Родина Элиота и Генри Джеймса давно представляет собою райцентр, где обитает чья-то родня, пуская одичавшая, но городская. Прославленные классики мало-помалу разделяют участь талантливых поденщиков сериала «Альфред Хичкок представляет» - от кого-то сохранилась пара черно-белых фото, а от кого и вовсе ничего, даже точная дата смерти неизвестна…

Словно и не люди придумывали эти короткие, добросовестные истории.

Любознательный человек поеживается под бременем никому не нужных сведений в парадоксальном климате запустения и многолюдства. Мы в городе вечных сумерек, разделенном рекою суицидов на две зоны безмолвия, рекою, впадающей в море забвения.

Кощунственно «оживленный» некрополь, внутри которого приютился некрополь маленький, размером с кукольный вертеп – в нем из последних сил делают вид, будто торгуют ошметками американского масскульта: скрипучие проигрыватели, штабеля засаленных грампластинок, грошовые биографии умерших «звезд» со штампами приютов и больничных библиотек. Когда-то эту рухлядь называли гулким словом «аппаратура».

Когда-то вместо слова «постер» наши «мастера перевода» предпочитали писать «огромный фотопортрет» – Джон Уэйн в папахе вместо ковбойской шляпы, гарантирует зеленым беретам «рай под сенью сабель».

Группа Mamas & Papas возглавляет хит-парад с пронзительной балладой «Америка убила моих сыновей», когда-то та же самая песня называлась California Dreaming. Калифорнией бредили не джигиты и не шахиды, а «центровые» хиппари и хиппарки, поборники мира и любви на папиной шее.

Это ради них устраивали свистопляску с правами человека – свободный въезд, свободный выезд. Так интересы местечкового нигилизма смыкаются с целями бездарного «фундаментализма». Кому-то невтерпеж потоптаться на пороге клубарика CBGB, где зарождался пресловутый «панк-рок», а кому-то – изувечить сотню-другую незнакомых людей.

Почему бы и нет, если свободный въезд, свободный выезд и так далее?

Рука руку моет – на одной «фенечки», другая – в крови. Обе, каждая по-своему, борются с ненавистной «системой», за нашу, так сказать, и вашу свободу.

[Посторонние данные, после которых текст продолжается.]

(* Let $d \ge 2$. For $R \subseteq \{0,1,\dots,d-1\}$ let $\mathrm{err}(R) = \min_{m \in \mathcal{M}_d(R)} \| m - \textsc{max} \|_\infty$, where $\|\cdot\|_\infty$ is the sup norm of a function over the unit cube $[0,1]^d$ and $\textsc{max}(x)=\max_i x_i$. Then $$\mathrm{err}(\{d-1\}) = \frac{1}{2d-1},\qquad \mathrm{err}(\{0, d-1\}) = \frac{1}{2d},\qquad \mathrm{err}(\{0,1,2,\dots,d-1\}) \le \frac{1}{2^d}.$$
   Context: For $x\in\mathbb{R}^d$ and nonempty $A\subseteq\{1,\dots,d\}$, the subpool max is $s(x;A)=\max\{x_j:j\in A\}$. $C(k,r,d)$ denotes the $k$-th $r$-element subset of $\{1,\dots,d\}$ in lexicographic order, $k=1,\dots,\binom{d}{r}$. For $R\subseteq\{0,1,\dots,d-1\}$, $\mathcal{M}_d(R)$ is the set of functions $$x \mapsto \beta_0 + \sum_{r\in R\setminus\{0\}} \sum_{j=1}^{\binom{d}{r}} \beta_r^j\, s(x; C(j,r,d)), \qquad \beta_0,\beta_r^j\in\mathbb{R},$$ where the intercept $\beta_0$ is included if $0\in R$ and omitted (i.e. $\beta_0=0$) if $0\notin R$. *)

From HB Require Import structures.
From mathcomp Require Import all_boot all_order all_algebra.
From mathcomp Require Import all_classical all_reals.
Set Implicit Arguments. Unset Strict Implicit. Unset Printing Implicit Defensive.
Import Order.TTheory GRing.Theory Num.Theory.
Local Open Scope ring_scope.
Local Open Scope classical_set_scope.

Section Defs.
Variable R : realType.
Variable d : nat.

(* subpool max s(x;A) = max_{j in A} x_j  (0 by convention if A is empty;
   only used for nonempty A) *)
Definition smax (x : 'I_d -> R) (A : {set 'I_d}) : R :=
  if [pick j in A] is Some j then \big[Num.max/x j]_(k in A) x k else 0.

Definition maxf (x : 'I_d -> R) : R := smax x [set: 'I_d].

Definition cube : set ('I_d -> R) := [set x | forall i, 0 <= x i <= 1].

(* M_d(Rs): the intercept is present iff 0 \in Rs; for each r \in Rs, r > 0,
   one coefficient per r-element subset of {1..d} (the lexicographic labelling
   C(j,r,d) of these subsets is just an indexing of the coefficients). *)
Definition inModel (Rs : pred nat) (f : ('I_d -> R) -> R) : Prop :=
  exists (b0 : R) (beta : {set 'I_d} -> R), forall x : 'I_d -> R,
    f x = (if 0%N \in Rs then b0 else 0)
          + \sum_(A : {set 'I_d} | (#|A| \in Rs) && (0 < #|A|)%N) beta A * smax x A.

Definition supErr (f : ('I_d -> R) -> R) : R :=
  sup [set `|f x - maxf x| | x in cube].

Definition err (Rs : pred nat) : R :=
  inf [set supErr f | f in inModel Rs].

End Defs.

(* The lower bounds come from one linear identity.  If every pool of a model m
   has d - 1 elements, its error e = m - MAX at the vertices 0, 1 = (1,...,1)
   and e_1, ..., e_d of the cube satisfies
     sum_i e(e_i) - (d - 1) e(1) = e(0) - 1,
   hence 1 <= |e(0)| + (2d - 1) ||e||, where e(0) = 0 without an intercept and
   |e(0)| <= ||e|| with one.  Equal coefficients attain both bounds, because the
   subpool maxima over the pools of size d - 1 add up to (d - 1) MAX plus the
   second largest coordinate.
   For the full model, sum_A (-2)^|A| s(x;A) = 2 sum_k (-1)^k x_(k) for the sorted
   coordinates x_(1) <= ... <= x_(d); up to the sign (-1)^d this alternating sum
   lies in [0, 2] on the cube, which gives the error 2^-d. *)

From HB Require Import structures.
From mathcomp Require Import all_boot all_order all_algebra.
From mathcomp Require Import all_classical all_reals.
From mathcomp Require Import ring lra.
(* Re-imported so that [set0], [setT] and [subsetP] refer to finite sets. *)
From mathcomp Require Import fintype finset.
Set Implicit Arguments.
Unset Strict Implicit.
Unset Printing Implicit Defensive.
Import Order.TTheory GRing.Theory Num.Theory.
Local Open Scope ring_scope.

Lemma ler_normr_pdiv (R : realFieldType) (a k : R) :
  0 < k -> -1 <= a <= 1 -> `|a / k| <= 1 / k.
Proof.
by move=> k_gt0 a_bd; rewrite normrM normfV (gtr0_norm k_gt0) ler_pM2r ?invr_gt0 // ler_norml.
Qed.

Lemma sum_subsets_setD1 (T : finType) (V : nmodType) (I : {set T}) i (F : {set T} -> V) :
  i \in I ->
  \sum_(A : {set T} | A \subset I) F A = \sum_(B : {set T} | B \subset I :\ i) (F B + F (i |: B)).
Proof.
move=> iI; rewrite big_split (bigID (fun A : {set T} => i \in A)) /= addrC; congr (_ + _).
  by apply: eq_bigl => A; rewrite subsetD1.
rewrite (reindex_onto (fun B => i |: B) (fun A => A :\ i)) /=; last first.
  by move=> A /andP[_ iA]; rewrite setD1K.
apply: eq_bigl => B; rewrite subsetD1 subUset sub1set iI setU11 andbT /=.
case: (B \subset I) => //=.
by apply/eqP/idP => [<-|iNB]; [rewrite !inE eqxx | rewrite setU1K].
Qed.

Section Subpool.
Context {R : realType} {d : nat}.
Implicit Types (x : 'I_d -> R) (A : {set 'I_d}) (c : R).

Lemma smax_ub x A j : j \in A -> x j <= smax x A.
Proof.
rewrite /smax; case: pickP => [j0 _ jA|/(_ j)/= -> //].
exact: le_bigmax_cond.
Qed.

Lemma smax_le x A c j : j \in A -> (forall k, k \in A -> x k <= c) -> smax x A <= c.
Proof.
rewrite /smax; case: pickP => [j0 j0A _ le_xc|/(_ j)/= -> //].
by apply/bigmax_leP; split; [exact: le_xc|].
Qed.

Lemma smax_eq x A j : j \in A -> (forall k, k \in A -> x k <= x j) -> smax x A = x j.
Proof.
by move=> jA le_xj; apply/le_anti/andP; split; [exact: smax_le jA le_xj|exact: smax_ub].
Qed.

Lemma smax_set0 x : smax x set0 = 0.
Proof. by rewrite /smax; case: pickP => [j|//]; rewrite inE. Qed.
(* Let $(X,\sigma)$ be an infinite mixing one-sided or two-sided synchronizing subshift, let $(Y,g)$ be a dynamical system, and let $\pi\colon(X,\sigma)\to(Y,g)$ be a factor map such that $\pi^{-1}(y)$ is at most countable for each $y\in Y$. Then there exist $\varepsilon>0$, $k\in\mathbb N$ and a dense Mycielski set $T\subset Y$ with $g^k(T)\subset T$ which is syndetically $\varepsilon$-scrambled for $g$.
   Context: A dynamical system $(Y,g)$: compact metric space $Y$ with continuous $g$. A factor map is a continuous surjection with $\pi\circ\sigma=g\circ\pi$. Synchronizing word $s\in L(X)$: $us,sv\in L(X)\Rightarrow usv\in L(X)$; synchronizing subshift: transitive subshift with a synchronizing word. Mixing: $\{n:\sigma^n(U)\cap V\ne\emptyset\}$ cofinite for all nonempty open $U,V$. Syndetic: subset of $\mathbb N$ meeting every set with arbitrarily long runs of consecutive integers. $\mathrm{Asy}(g)=\{(x,y):d(g^nx,g^ny)\to0\}$, $\mathrm{SProx}(g)=\{(x,y):\{n:d(g^nx,g^ny)<\eta\}$ syndetic for all $\eta>0\}$. Syndetically $\varepsilon$-scrambled set: at least two points, every distinct pair in $\mathrm{SProx}(g)\setminus\mathrm{Asy}(g)$ with $\limsup_n d(g^nx,g^ny)\ge\varepsilon$. Mycielski set: countable union of Cantor sets. *)

From Stdlib Require Import Reals ZArith List.
Open Scope R_scope.

Record IndexSys := {
  idx : Type;
  two_sided : bool;
  isucc : idx -> idx;
  iadd : idx -> nat -> idx;
  iwin : nat -> idx -> Prop        (* the central window of radius m *)
}.

Definition NatIdx : IndexSys :=
  {| idx := nat; two_sided := false; isucc := S;
     iadd := fun i j => (i + j)%nat; iwin := fun m i => (i < m)%nat |}.

Definition ZIdx : IndexSys :=
  {| idx := Z; two_sided := true; isucc := Z.succ;
     iadd := fun i j => (i + Z.of_nat j)%Z;
     iwin := fun m i => (- Z.of_nat m <= i <= Z.of_nat m)%Z |}.

Section Shift.
Variables (S : IndexSys) (A : Type).

Definition config := idx S -> A.

Definition sshift (x : config) : config := fun i => x (isucc S i).

(** x and y agree on the window of radius m (basic cylinder neighbourhoods
    of the product topology) *)
Definition agree (m : nat) (x y : config) : Prop :=
  forall i, iwin S m i -> x i = y i.

Definition closed_set (X : config -> Prop) : Prop :=
  forall x, (forall m, exists y, X y /\ agree m x y) -> X x.

(** subshift: closed and sshift-invariant (sigma(X) c X one-sided,
    sigma(X) = X two-sided) *)
Definition subshift (X : config -> Prop) : Prop :=
  closed_set X /\ (forall x, X x -> X (sshift x)) /\
  (two_sided S = true -> forall x, X x -> exists y, X y /\ sshift y = x).

Definition rel_open (X U : config -> Prop) : Prop :=
  (forall x, U x -> X x) /\
  (forall x, U x -> exists m, forall y, X y -> agree m x y -> U y).

Definition transitive (X : config -> Prop) : Prop :=
  forall U V, rel_open X U -> rel_open X V -> (exists u, U u) -> (exists v, V v) ->
    exists n, exists x, U x /\ V (Nat.iter n sshift x).

Definition mixing (X : config -> Prop) : Prop :=
  forall U V, rel_open X U -> rel_open X V -> (exists u, U u) -> (exists v, V v) ->
    exists N, forall n, (N <= n)%nat -> exists x, U x /\ V (Nat.iter n sshift x).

По телевизору поздно ночью старый фильм по старой книге Айн Рэнд – лихо скачет Гари Купер, молодой архитектор, болеющий за смелый проект небоскреба-мечети. А это кто – Боб Дилан?! Быстро учись петь по-муцураевски. Хосе Феррер в «Мулен Руже» у Хьюстона играет не Тулуз-Лотрека, а одного из наиболее одиозных полевых командиров.

Еще пару месяцев назад подобные qui pro quo читались бы как вымученный и некорректный юмор. Как стилизация под некогда модный «мовизм» Анатолия Гладилина, но теперь проведенные нами аналогии будут преследовать каждого, кто знаком с перечисленными выше произведениями искусства.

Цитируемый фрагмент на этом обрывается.